Identity and Violence

Conclusion

Amartya Sen is one of the prominent economists in the world who has tried to estimate poverty through rational methods and pinpoint the reasons for its occurrence in society. He has repeatedly discussed these issues in his works related to famines and poverty whichever part of the globe these belong to.

The book 'Identity and Violence' is a thought-provoking treatise by the author and those readers or research scholars who are interested in learning about the genesis of violence and understanding the identities of the people behind these acts of violence, will be benefited from this work.

I rate this book as a must-read for serious readers as well as research scholars.

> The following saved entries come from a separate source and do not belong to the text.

(* Let $a\in\mathbb{R}$ and $k\ge0$. Then $$(z-a)^3q_{2k+1}^{(\mathrm{pre})}(z)=(z-a)^2z^{2k+2}+a\frac{(2k+1)!!}{2^{k+2}f_k(a^2)}\mathcal L_{k+1}(z,a),$$ $$(z-a)^3q_{2k}^{(\mathrm{pre})}(z)=a(z-a)^2\frac{e_{k+1}(a^2)}{f_k(a^2)}z^{2k+2}+\frac{(2k+3)!!}{2^{k+3}f_k(a^2)}\mathcal L_{k+2}(z,a)-a^2\frac{(2k+1)!!}{2^{k+2}f_k(a^2)}\mathcal L_{k+1}(z,a),$$ where $$\mathcal L_m(z,a)=(2(z-a)^2-1)\varkappa_m^{(\mathrm g)}(z,a)+2(z-a)e_{2m-1}(2za)-(z-a)\frac{2^{m+1}z^{2m}}{(2m-1)!!}e_{m-1}(a^2).$$
   Context: $e_k(x)=\sum_{j=0}^kx^j/j!$, $f_k(x)=(k+1)e_k(x)-xe_{k-1}(x)$ (with $e_{-1}\equiv0$). $\varkappa_m^{(\mathrm g)}(z,w)=\sqrt2\sum_{n=0}^{m-1}\sum_{\ell=0}^{n}\Big(\frac{(\sqrt2z)^{2n+1}}{(2n+1)!!}\frac{(\sqrt2w)^{2\ell}}{(2\ell)!!}-\frac{(\sqrt2w)^{2n+1}}{(2n+1)!!}\frac{(\sqrt2z)^{2\ell}}{(2\ell)!!}\Big)$. The polynomials are $q_{2k}^{(\mathrm{pre})}(z)=\sum_{j=0}^{2k}\alpha_{2k,j}z^j$, $q_{2k+1}^{(\mathrm{pre})}(z)=\sum_{j=0}^{2k+1}\beta_{2k+1,j}z^j$ with, writing $c_{j,k}=\frac{2^jf_j(a^2)}{2^kf_k(a^2)}$: $\alpha_{2k,2j}=c_{j,k}\big[\sum_{\ell=j}^k(\ell+1-j)\frac{(2k+3)!!}{(2\ell+3)!!}(2a^2)^{\ell-j}-\sum_{\ell=j}^k(\ell-j)\frac{(2k+1)!!}{(2\ell+1)!!}(2a^2)^{\ell-j}\big]$ ($0\le j\le k$); $\alpha_{2k,2j+1}=2a\,c_{j,k}\big[\sum_{\ell=j}^{k-1}(\ell+1-j)\frac{(2k+3)!!}{(2\ell+5)!!}(2a^2)^{\ell-j}-\sum_{\ell=j}^{k-1}(\ell-j)\frac{(2k+1)!!}{(2\ell+3)!!}(2a^2)^{\ell-j}\big]$ ($0\le j\le k-1$); $\beta_{2k+1,2j}=a\,c_{j,k}\big[\frac{2j+1}{2k+3}(2a^2)^{k-j}+2\sum_{\ell=j}^k(\ell+1-j)\frac{(2k+1)!!}{(2\ell+3)!!}(2a^2)^{\ell-j}\big]$; $\beta_{2k+1,2j+1}=c_{j,k}\big[\frac{2j+3}{2k+3}(2a^2)^{k-j}+2\sum_{\ell=j}^k(\ell-j)\frac{(2k+1)!!}{(2\ell+3)!!}(2a^2)^{\ell-j}\big]$ ($0\le j\le k$). *)

From mathcomp Require Import all_boot all_order all_algebra.
Set Implicit Arguments. Unset Strict Implicit. Unset Printing Implicit Defensive.
Import Order.TTheory GRing.Theory Num.Theory.
Local Open Scope ring_scope.

Fixpoint dfact (n : nat) : nat :=
  match n with
  | 0 => 1
  | 1 => 1
  | (n'.+2) as m => (m * dfact n')%N
  end.

Section Defs.
Variable C : numClosedFieldType.

Definition e_ (k : nat) (x : C) : C := \sum_(j < k.+1) x ^+ j / (j`!)%:R.

(* e_{k-1} with the convention e_{-1} = 0 *)
Definition e_pred (k : nat) (x : C) : C :=
  match k with 0 => 0 | k'.+1 => e_ k' x end.

Definition f_ (k : nat) (x : C) : C := (k.+1)%:R * e_ k x - x * e_pred k x.

Definition dfR (n : nat) : C := (dfact n)%:R.

Definition kappa (m : nat) (z w : C) : C :=
  sqrtC 2 * \sum_(n < m) \sum_(l < n.+1)
    ((sqrtC 2 * z) ^+ (2 * n).+1 / dfR (2 * n).+1 * (sqrtC 2 * w) ^+ (2 * l) / dfR (2 * l)
   - (sqrtC 2 * w) ^+ (2 * n).+1 / dfR (2 * n).+1 * (sqrtC 2 * z) ^+ (2 * l) / dfR (2 * l)).

Definition cjk (a : C) (j k : nat) : C :=
  (2 ^+ j * f_ j (a ^+ 2)) / (2 ^+ k * f_ k (a ^+ 2)).

Definition alpha_even (a : C) (k j : nat) : C :=
  cjk a j k *
  (\sum_(j <= l < k.+1) (l.+1 - j)%:R * (dfR (2 * k + 3) / dfR (2 * l + 3)) * (2 * a ^+ 2) ^+ (l - j)
 - \sum_(j <= l < k.+1) (l - j)%:R * (dfR (2 * k + 1) / dfR (2 * l + 1)) * (2 * a ^+ 2) ^+ (l - j)).

Definition alpha_odd (a : C) (k j : nat) : C :=
  2 * a * cjk a j k *
  (\sum_(j <= l < k) (l.+1 - j)%:R * (dfR (2 * k + 3) / dfR (2 * l + 5)) * (2 * a ^+ 2) ^+ (l - j)
 - \sum_(j <= l < k) (l - j)%:R * (dfR (2 * k + 1) / dfR (2 * l + 3)) * (2 * a ^+ 2) ^+ (l - j)).

Definition beta_even (a : C) (k j : nat) : C :=
  a * cjk a j k *
  ((2 * j).+1%:R / (2 * k + 3)%:R * (2 * a ^+ 2) ^+ (k - j)
   + 2 * \sum_(j <= l < k.+1) (l.+1 - j)%:R * (dfR (2 * k + 1) / dfR (2 * l + 3)) * (2 * a ^+ 2) ^+ (l - j)).

Definition beta_odd (a : C) (k j : nat) : C :=
  cjk a j k *
  ((2 * j + 3)%:R / (2 * k + 3)%:R * (2 * a ^+ 2) ^+ (k - j)
   + 2 * \sum_(j <= l < k.+1) (l - j)%:R * (dfR (2 * k + 1) / dfR (2 * l + 3)) * (2 * a ^+ 2) ^+ (l - j)).

(* q_{2k}^{(pre)}(z) = sum_{j=0}^{2k} alpha_{2k,j} z^j *)
Definition q_even (k : nat) (a z : C) : C :=
  \sum_(j < k.+1) alpha_even a k j * z ^+ (2 * j)
  + \sum_(j < k) alpha_odd a k j * z ^+ (2 * j).+1.

(* q_{2k+1}^{(pre)}(z) = sum_{j=0}^{2k+1} beta_{2k+1,j} z^j *)
Definition q_odd (k : nat) (a z : C) : C :=
  \sum_(j < k.+1) (beta_even a k j * z ^+ (2 * j) + beta_odd a k j * z ^+ (2 * j).+1).

Definition Lm (m : nat) (z a : C) : C :=
  (2 * (z - a) ^+ 2 - 1) * kappa m z a + 2 * (z - a) * e_ (2 * m - 1) (2 * z * a)
  - (z - a) * (2 ^+ m.+1 * z ^+ (2 * m) / dfR (2 * m - 1)) * e_ (m - 1) (a ^+ 2).

End Defs.

From mathcomp Require Import all_boot all_order all_algebra.
From mathcomp Require Import ring zify.
Import Order.TTheory GRing.Theory Num.Theory.
Local Open Scope ring_scope.

(* Factor (2k+1)!!/(2^k f_k(a^2)) out of q^pre and 2^j f_j(a^2) out of its j-th
   coefficients: the normalized coefficients satisfy first-order recurrences in k.
   For the odd polynomials, the normalized polynomial grows from k to k+1 by an
   explicit polynomial whose product with (z-a)^3 is found by a second induction
   and agrees with the growth of the right-hand side, read off from the
   recurrence m -> m+1 of L_m.  For the even polynomials the recurrences give
   a q_{2k} = (2k+3)/2 q_{2k+3} - a^2 q_{2k+1} - (top term of q_{2k+3}) in
   normalized form, so for a <> 0 the even identity follows from two instances
   of the odd one; at a = 0 it reduces to a telescoping evaluation of L_m(z,0). *)

Lemma dfact_gt0 n : (0 < dfact n)%N.
Proof.
suff: (0 < dfact n)%N /\ (0 < dfact n.+1)%N by case.
by elim: n => [|n [h1 h2]]; split => //=; rewrite muln_gt0.
Qed.

Lemma dfact_double n : dfact (2 * n) = (2 ^ n * n`!)%N.
Proof. by elim: n => [|n IH] //; rewrite mulnS /= IH factS expnS; lia. Qed.

Lemma fact_dfact n : n.+1`! = (dfact n.+1 * dfact n)%N.
Proof. by elim: n => [|n IH] //; rewrite factS IH /=; lia. Qed.

Lemma big_nat_shift_weight (R : comPzRingType) (G : nat -> R) (t : R) j k :
  \sum_(j <= l < k.+1) (l - j)%:R * G l * t ^+ (l - j)
  = t * \sum_(j <= l < k) (l.+1 - j)%:R * G l.+1 * t ^+ (l - j).
Proof.
have [hjk | hkj] := leqP j k; last by rewrite !big_geq ?mulr0 // ltnW.
rewrite big_nat_recl // subnn mul0r mul0r add0r mulr_sumr.
by apply: eq_big_nat => l /andP[hjl _]; rewrite subSn // exprS; ring.
Qed.

Lemma sum_pull_ratio (R : comUnitRingType) (c d T : nat -> R) (D : R) j n :
  \sum_(j <= l < n) c l * (D / d l) * T l = D * \sum_(j <= l < n) c l / d l * T l.
Proof. by rewrite mulr_sumr; apply: eq_bigr => l _; rewrite mulrCA !mulrA. Qed.

Section Prepolynomials.
Variable C : numClosedFieldType.

Lemma dfR_neq0 n : dfR C n != 0.
Proof. by rewrite pnatr_eq0 -lt0n dfact_gt0. Qed.

Lemma dfRSS n : dfR C n.+2 = n.+2%:R * dfR C n.
Proof. by rewrite /dfR /= natrM. Qed.

Lemma dfR_odd_rec k : dfR C (2 * k + 3) = (2 * k + 3)%:R * dfR C (2 * k + 1).
Proof.
have -> : (2 * k + 3 = (2 * k + 1).+2)%N by rewrite !addnS.
by rewrite dfRSS.
Qed.

Lemma dfR_double n : dfR C (2 * n) = 2 ^+ n * n`!%:R.
Proof. by rewrite /dfR dfact_double natrM natrX. Qed.

Lemma natr_fact_neq0 n : n`!%:R != 0 :> C.
Proof. by rewrite pnatr_eq0 -lt0n fact_gt0. Qed.

Ltac neq0 :=
  repeat first [apply/andP; split | apply: mulf_neq0 | apply: expf_neq0 | apply: invr_neq0];
  try solve [ auto | exact: dfR_neq0 | exact: natr_fact_neq0
            | rewrite -?natrD -?natrM ?nat1r ?natr1 -?natrD -?natrM ?pnatr_eq0; lia ].

Lemma e_0 (x : C) : e_ 0 x = 1.
Proof. by rewrite /e_ big_ord1 expr0 divr1. Qed.

Lemma e_S k (x : C) : e_ k.+1 x = e_ k x + x ^+ k.+1 / k.+1`!%:R.
Proof. by rewrite /e_ big_ord_recr. Qed.

Lemma e_at0 k : e_ k (0 : C) = 1.
Proof.
rewrite /e_ big_ord_recl expr0 divr1 big1 ?addr0 // => i _.
by rewrite expr0n mul0r.
Qed.

Lemma f_0 (x : C) : f_ 0 x = 1.
Proof. by rewrite /f_ /= e_0 mulr0 subr0 mulr1. Qed.

Lemma f_at0 k : f_ k (0 : C) = k.+1%:R.
Proof. by rewrite /f_ e_at0 mul0r subr0 mulr1. Qed.

Lemma f_E k (x : C) : f_ k x = (k.+1%:R - x) * e_ k x + k.+1%:R * x ^+ k.+1 / k.+1`!%:R.
Proof.
rewrite /f_; case: k => [|k] /=; first by rewrite e_0 factS fact0 expr1; field.
rewrite e_S !factS !natrM !exprS; field; neq0.
Qed.

Lemma f_S k (x : C) : f_ k.+1 x = f_ k x + e_ k.+1 x.
Proof. rewrite !f_E e_S !factS !natrM !exprS; field; neq0. Qed.

Lemma f_gt0 k (x : C) : 0 <= x -> 0 < f_ k x.
Proof.
move=> x_ge0; elim: k => [|k IH]; first by rewrite f_0 ltr01.
rewrite f_S ltr_wpDr // sumr_ge0 // => i _.
by rewrite divr_ge0 ?exprn_ge0 ?ler0n.
Qed.

Definition kappa_term n (z w : C) :=
  2 ^+ n.+1 / dfR C (2 * n).+1 *
  (z * (z ^+ 2) ^+ n * e_ n (w ^+ 2) - w * (w ^+ 2) ^+ n * e_ n (z ^+ 2)).

Lemma kappaE m (z w : C) : kappa m z w = \sum_(n < m) kappa_term n z w.
Proof.
rewrite /kappa mulr_sumr; apply: eq_bigr => n _.
set s := sqrtC 2; have s2 : s ^+ 2 = 2 by rewrite sqrtCK.
have s_even y l : (s * y) ^+ (2 * l) = 2 ^+ l * (y ^+ 2) ^+ l.
  by rewrite exprM [(s * y) ^+ 2]exprMn s2 exprMn.
have s_odd y : s * (s * y) ^+ (2 * n).+1 = 2 ^+ n.+1 * (y * (y ^+ 2) ^+ n).
  rewrite exprS s_even.
  have -> : s * (s * y * (2 ^+ n * (y ^+ 2) ^+ n)) = s ^+ 2 * 2 ^+ n * (y * (y ^+ 2) ^+ n) by ring.
  by rewrite s2 -exprS.
rewrite /kappa_term /e_ !mulr_sumr -sumrB mulr_sumr; apply: eq_bigr => l _.
rewrite mulrBr !mulrA !s_odd !s_even dfR_double.
field; neq0.
Qed.

Lemma Lm_S m (z a : C) :
  Lm m.+1 z a = (2 * (z - a) ^+ 2 - 1) * kappa m.+1 z a
    + 2 * (z - a) * e_ (2 * m).+1 (2 * z * a)
    - (z - a) * (2 ^+ m.+2 * (z ^+ 2) ^+ m.+1 / dfR C (2 * m).+1) * e_ m (a ^+ 2).
Proof. by rewrite /Lm -exprM subSS subn0 mulnS subn1. Qed.

Lemma Lm_SS m (z a : C) :
  Lm m.+2 z a = Lm m.+1 z a + (2 * (z - a) ^+ 2 - 1) * kappa_term m.+1 z a
  + 2 * (z - a) * ((2 * z * a) ^+ (2 * m).+2 / (2 * m).+2`!%:R
                   + (2 * z * a) ^+ (2 * m).+3 / (2 * m).+3`!%:R)
  - (z - a) * (2 ^+ m.+3 * (z ^+ 2) ^+ m.+2 / dfR C (2 * m).+3 * e_ m.+1 (a ^+ 2)
              - 2 ^+ m.+2 * (z ^+ 2) ^+ m.+1 / dfR C (2 * m).+1 * e_ m (a ^+ 2)).
Proof.
rewrite !Lm_S (kappaE m.+2) big_ord_recr -kappaE /= mulnS !e_S.
ring.
Qed.

Section NormalizedCoefficients.
Variable a : C.
Local Notation t := (2 * a ^+ 2).
Local Notation F j := (f_ j (a ^+ 2)).

Definition qnorm k := dfR C (2 * k + 1) / (2 ^+ k * F k).

Definition nbeta_even k j :=
  (2 * j + 1)%:R / dfR C (2 * k + 3) * t ^+ (k - j)
  + 2 * \sum_(j <= l < k.+1) (l.+1 - j)%:R / dfR C (2 * l + 3) * t ^+ (l - j).

Definition nbeta_odd k j :=
  (2 * j + 3)%:R / dfR C (2 * k + 3) * t ^+ (k - j)
  + 2 * \sum_(j <= l < k.+1) (l - j)%:R / dfR C (2 * l + 3) * t ^+ (l - j).

Definition nalpha_even k j :=
  (2 * k + 3)%:R * \sum_(j <= l < k.+1) (l.+1 - j)%:R / dfR C (2 * l + 3) * t ^+ (l - j)
  - \sum_(j <= l < k.+1) (l - j)%:R / dfR C (2 * l + 1) * t ^+ (l - j).

Definition nalpha_odd k j :=
  (2 * k + 3)%:R * \sum_(j <= l < k) (l.+1 - j)%:R / dfR C (2 * l + 5) * t ^+ (l - j)
  - \sum_(j <= l < k) (l - j)%:R / dfR C (2 * l + 3) * t ^+ (l - j).

Lemma sum_shift_dfR d j k :
  \sum_(j <= l < k.+1) (l - j)%:R / dfR C (2 * l + d) * t ^+ (l - j)
  = t * \sum_(j <= l < k) (l.+1 - j)%:R / dfR C (2 * l + d.+2) * t ^+ (l - j).
Proof.
rewrite (@big_nat_shift_weight _ (fun l => (dfR C (2 * l + d))^-1)); congr (_ * _).
by apply: eq_bigr => l _; rewrite (_ : 2 * l.+1 + d = 2 * l + d.+2)%N; last lia.
Qed.

Lemma nbeta_evenS k j : (j <= k)%N ->
  nbeta_even k.+1 j = nbeta_even k j + t ^+ (k - j) * (t - (2 * j + 1)%:R) / dfR C (2 * k + 3).
Proof.
move=> le_jk; rewrite /nbeta_even big_nat_recr /=; last exact: leqW.
have -> : (k.+1 - j = (k - j).+1)%N by lia.
have -> : (k.+2 - j = (k - j).+2)%N by lia.
have -> : (2 * k.+1 + 3 = (2 * k + 3).+2)%N by lia.
rewrite dfRSS exprS; move: (k - j)%N (subnK le_jk) => i <-.
field; neq0.
Qed.

Lemma nbeta_oddS k j : (j <= k)%N ->
  nbeta_odd k.+1 j = nbeta_odd k j + t ^+ (k - j) * (t - (2 * j + 3)%:R) / dfR C (2 * k + 3).
Proof.
move=> le_jk; rewrite /nbeta_odd big_nat_recr /=; last exact: leqW.
have -> : (k.+1 - j = (k - j).+1)%N by lia.
have -> : (2 * k.+1 + 3 = (2 * k + 3).+2)%N by lia.
rewrite dfRSS exprS; move: (k - j)%N (subnK le_jk) => i <-.
field; neq0.
Qed.

Lemma nbeta_even_diag k : nbeta_even k k = (dfR C (2 * k + 1))^-1.
Proof. rewrite /nbeta_even big_nat1 subnn subSnn dfR_odd_rec; field; neq0. Qed.

Lemma nbeta_odd_diag k : nbeta_odd k k = (dfR C (2 * k + 1))^-1.
Proof. rewrite /nbeta_odd big_nat1 subnn dfR_odd_rec; field; neq0. Qed.

Lemma nalpha_even_nbeta k j : (j <= k)%N ->
  nalpha_even k j = (2 * k + 3)%:R / 2 * nbeta_even k.+1 j - a ^+ 2 * nbeta_even k j.
Proof.
move=> le_jk; rewrite nbeta_evenS // /nalpha_even /nbeta_even sum_shift_dfR.
rewrite !big_nat_recr //=; have -> : (k.+1 - j = (k - j).+1)%N by lia.
rewrite exprS; move: (k - j)%N (subnK le_jk) => i <-.
field; neq0.
Qed.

This content is accurate and true to the best of the author’s knowledge and is not meant to substitute for formal and individualized advice from a qualified professional.

© 2021 Umesh Chandra Bhatt

Comments

Umesh Chandra Bhatt (author) from Kharghar, Navi Mumbai, India on June 10, 2021:

Kyler, thanks for your visit and such an elaborate and wise comment. Appreciate much. Blessings.

Kyler J Falk from California on June 10, 2021:

"Violence" is quickly becoming a dangerous word to use in Western culture, though I'm sure most are unaware of the current motion to charge that word with more than its literal meaning. There's a push in Western cultures, though, due to our more privileged circumstances, to call words and thoughts "violence". It is becoming much like the idea of "thought crimes" but more based in what someone else can project upon others, rather than what is publicized by the individual being called "violent".

I bring this up because a book like this touches on some very important notions, but the laypeople in Western cultures are quickly moving beyond the ability to properly grasp these concepts, and discuss them on a meaningful level. You bring up cultural appropriation and its tendency to create contradictions, but here you'd have powerful groups that will call the appropriation itself "violence" whether or not the individual even understands that they have "stolen" something. Constructive conversation about social issues break down swiftly in Western cultures because of these privileged outlooks, and redefining words based on issues many other countries and cultures wouldn't even touch on as a marginal consideration.

This book might just have to go into my library for posterity and philosophy purposes. Thank you for bringing it to my attention!

Umesh Chandra Bhatt (author) from Kharghar, Navi Mumbai, India on June 10, 2021:

Jodah, thanks a lot for sparing your time and for the nice comment. Have a good day.

John Hansen from Gondwana Land on June 10, 2021:

This sounds like a very worthwhile book, and I thank you for your in-depth review and also for sharing about Amartya Sen's life and achievements. Good job, Umesh.